TASK INSTRUCTIONS:
For the records that follow, give the number of lines in which the word "clearbody" occurs, with nothing added.

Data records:
(* Płonka sum operations: x op y = p_{i,k}(x) op_k p_{j,k}(y), k = i \/_I j,
   with p_{i,k}(a/[i)) = a/[k). *)
Definition AB_meet (x y : AB_car) : AB_car :=
  AB_mk (@sImeet S _ _ (AB_idxP x) (AB_idxP y)) (bmeet (AB_rep x) (AB_rep y)).
Definition AB_join (x y : AB_car) : AB_car :=
  AB_mk (@sImeet S _ _ (AB_idxP x) (AB_idxP y)) (bjoin (AB_rep x) (AB_rep y)).
Definition AB_neg (x : AB_car) : AB_car :=
  AB_mk (AB_idxP x) (bneg (AB_rep x)).
(* J2 (a/[i)) = the element of the bottom fibre B/[1) below i congruent to a *)
Definition AB_j2 (x : AB_car) : AB_car :=
  AB_mk (sI1 S) (bmeet (AB_rep x) (AB_idx x)).
Definition AB_zero : AB_car := AB_mk (sI1 S) b0.
Definition AB_one : AB_car := AB_mk (sI1 S) b1.

Definition A_of_sys : alg := Alg AB_meet AB_join AB_neg AB_j2 AB_zero AB_one.
End AB.

(* The fibres are the classes of the Płonka partition function          *)
(* x . y = x /\ (x \/ y):  a ~ b  iff  a . b = a  and  b . a = b.        *)
(* The bottom fibre A_{i0} is the fibre of the constant 0.               *)
Definition plonka (A : alg) (a b : A) : A := meet a (join a b).
Arguments plonka {A}.
Definition same_fibre (A : alg) (a b : A) : Prop :=
  plonka a b = a /\ plonka b a = b.
Arguments same_fibre {A}.
Definition fibre_top (A : alg) (t : A) : Prop :=
  forall b, same_fibre b t -> join b t = t.

Arguments fibre_top {A}.
Definition bot_car (A : alg) : Type := { a : A | same_fibre a zero }.

Section Emb.
Variables (A : alg) (X : Type) (h : A -> pow X WKe).
Hypothesis hh : @hom A (pow X WKe) h.
Hypothesis hinj : forall a b, h a = h b -> a = b.

Lemma pt_meet a b x : h (meet a b) x = wmeet (h a x) (h b x).
Proof. now rewrite (hom_meet hh). Qed.
Lemma pt_join a b x : h (join a b) x = wjoin (h a x) (h b x).
Proof. now rewrite (hom_join hh). Qed.
Lemma pt_neg a x : h (neg a) x = wneg (h a x).
Proof. now rewrite (hom_neg hh). Qed.
Lemma pt_j2 a x : h (j2 a) x = wj2 (h a x).
Proof. now rewrite (hom_j2 hh). Qed.
Lemma pt_zero x : h zero x = W0.
Proof. now rewrite (hom_zero hh). Qed.
Lemma pt_one x : h one x = W1.
Proof. now rewrite (hom_one hh). Qed.
Lemma emb_eq a b : (forall x, h a x = h b x) -> a = b.
Proof. intro H; apply hinj; extensionality x; apply H. Qed.
Lemma pt_eq a b : a = b -> forall x, h a x = h b x.
Proof. now intros ->. Qed.
End Emb.
Arguments pt_meet {A X h} hh a b x. Arguments pt_join {A X h} hh a b x.
Arguments pt_neg {A X h} hh a x. Arguments pt_j2 {A X h} hh a x.
Arguments pt_zero {A X h} hh x. Arguments pt_one {A X h} hh x.
Arguments emb_eq {A X h} hinj a b _. Arguments pt_eq {A X} h {a b} _ x.

Ltac pt_simpl hh :=
  unfold plonka, same_fibre in *;
  repeat progress (rewrite ?(pt_meet hh), ?(pt_join hh), ?(pt_neg hh), ?(pt_j2 hh),
          ?(pt_zero hh), ?(pt_one hh) in *).

Ltac wk_cases h x :=
  repeat match goal with
  | |- context [h ?a x] => let v := fresh "v" in set (v := h a x) in *; clearbody v; destruct v
  | H : context [h ?a x] |- _ => let v := fresh "v" in set (v := h a x) in *; clearbody v; destruct v
  end; simpl in *; try discriminate; try reflexivity; try easy.

(* Tactic: prove an equation of A pointwise, after turning the listed
   hypotheses (equations of A, or pairs of them) into pointwise facts. *)
Ltac pw hh hinj h :=
  unfold plonka, same_fibre, fibre_top in *;
  repeat match goal with
  | H : _ /\ _ |- _ => destruct H
  end;
  apply (emb_eq hinj);
  let x := fresh "x" in
  intro x;
  repeat match goal with
  | H : @eq (car _) _ _ |- _ => generalize (pt_eq h H x); clear H
  end;
  intros;
  repeat match goal with
  | H : forall _ : _, _ |- _ => specialize (H x)
  end;
  pt_simpl hh; wk_cases h x.

Section BotBA.
Variable A : alg.
Hypothesis hA : bochvar A.

Lemma bot_meetP (a b : bot_car A) : same_fibre (meet (proj1_sig a) (proj1_sig b)) zero.
Proof.
  destruct hA as [X [h [hh hinj]]]; destruct a as [a Ha], b as [b Hb]; simpl.
  split; pw hh hinj h.
Qed.

Lemma bot_joinP (a b : bot_car A) : same_fibre (join (proj1_sig a) (proj1_sig b)) zero.
Proof.
  destruct hA as [X [h [hh hinj]]]; destruct a as [a Ha], b as [b Hb]; simpl.
  split; pw hh hinj h.
Qed.
Lemma bot_negP (a : bot_car A) : same_fibre (neg (proj1_sig a)) zero.
Proof.
  destruct hA as [X [h [hh hinj]]]; destruct a as [a Ha]; simpl.
  split; pw hh hinj h.
Qed.
Lemma bot_zeroP : same_fibre (@zero A) zero.
Proof. destruct hA as [X [h [hh hinj]]]; split; pw hh hinj h. Qed.
Lemma bot_oneP : same_fibre (@one A) zero.
Proof. destruct hA as [X [h [hh hinj]]]; split; pw hh hinj h. Qed.

Definition bot_meet (a b : bot_car A) : bot_car A := exist (fun z => same_fibre z zero) _ (bot_meetP a b).
Definition bot_join (a b : bot_car A) : bot_car A := exist (fun z => same_fibre z zero) _ (bot_joinP a b).
Definition bot_neg (a : bot_car A) : bot_car A := exist (fun z => same_fibre z zero) _ (bot_negP a).
Definition bot_zero : bot_car A := exist (fun z => same_fibre z zero) _ bot_zeroP.
Definition bot_one : bot_car A := exist (fun z => same_fibre z zero) _ bot_oneP.

Lemma bot_eq (a b : bot_car A) : proj1_sig a = proj1_sig b -> a = b.
Proof.
  destruct a as [a Ha], b as [b Hb]; simpl; intros ->.
  f_equal; apply proof_irrelevance.
Qed.

Ltac bot_ax :=
  intros;
  repeat match goal with a : bot_car A |- _ => destruct a end;
  apply bot_eq; simpl;
  destruct hA as [X [h [hh hinj]]]; pw hh hinj h.

Lemma bot_ax1 a b : bot_meet a b = bot_meet b a. Proof. bot_ax. Qed.
Lemma bot_ax2 a b : bot_join a b = bot_join b a. Proof. bot_ax. Qed.
Lemma bot_ax3 a b c : bot_meet a (bot_meet b c) = bot_meet (bot_meet a b) c. Proof. bot_ax. Qed.
Lemma bot_ax4 a b c : bot_join a (bot_join b c) = bot_join (bot_join a b) c. Proof. bot_ax. Qed.
Lemma bot_ax5 a b : bot_meet a (bot_join a b) = a. Proof. bot_ax. Qed.
Lemma bot_ax6 a b : bot_join a (bot_meet a b) = a. Proof. bot_ax. Qed.
Lemma bot_ax7 a b c : bot_meet a (bot_join b c) = bot_join (bot_meet a b) (bot_meet a c).
Proof. bot_ax. Qed.
Lemma bot_ax8 a : bot_meet a bot_one = a. Proof. bot_ax. Qed.
Lemma bot_ax9 a : bot_join a bot_zero = a. Proof. bot_ax. Qed.
Lemma bot_ax10 a : bot_meet a (bot_neg a) = bot_zero. Proof. bot_ax. Qed.
Lemma bot_ax11 a : bot_join a (bot_neg a) = bot_one. Proof. bot_ax. Qed.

RESPONSE AREA:
2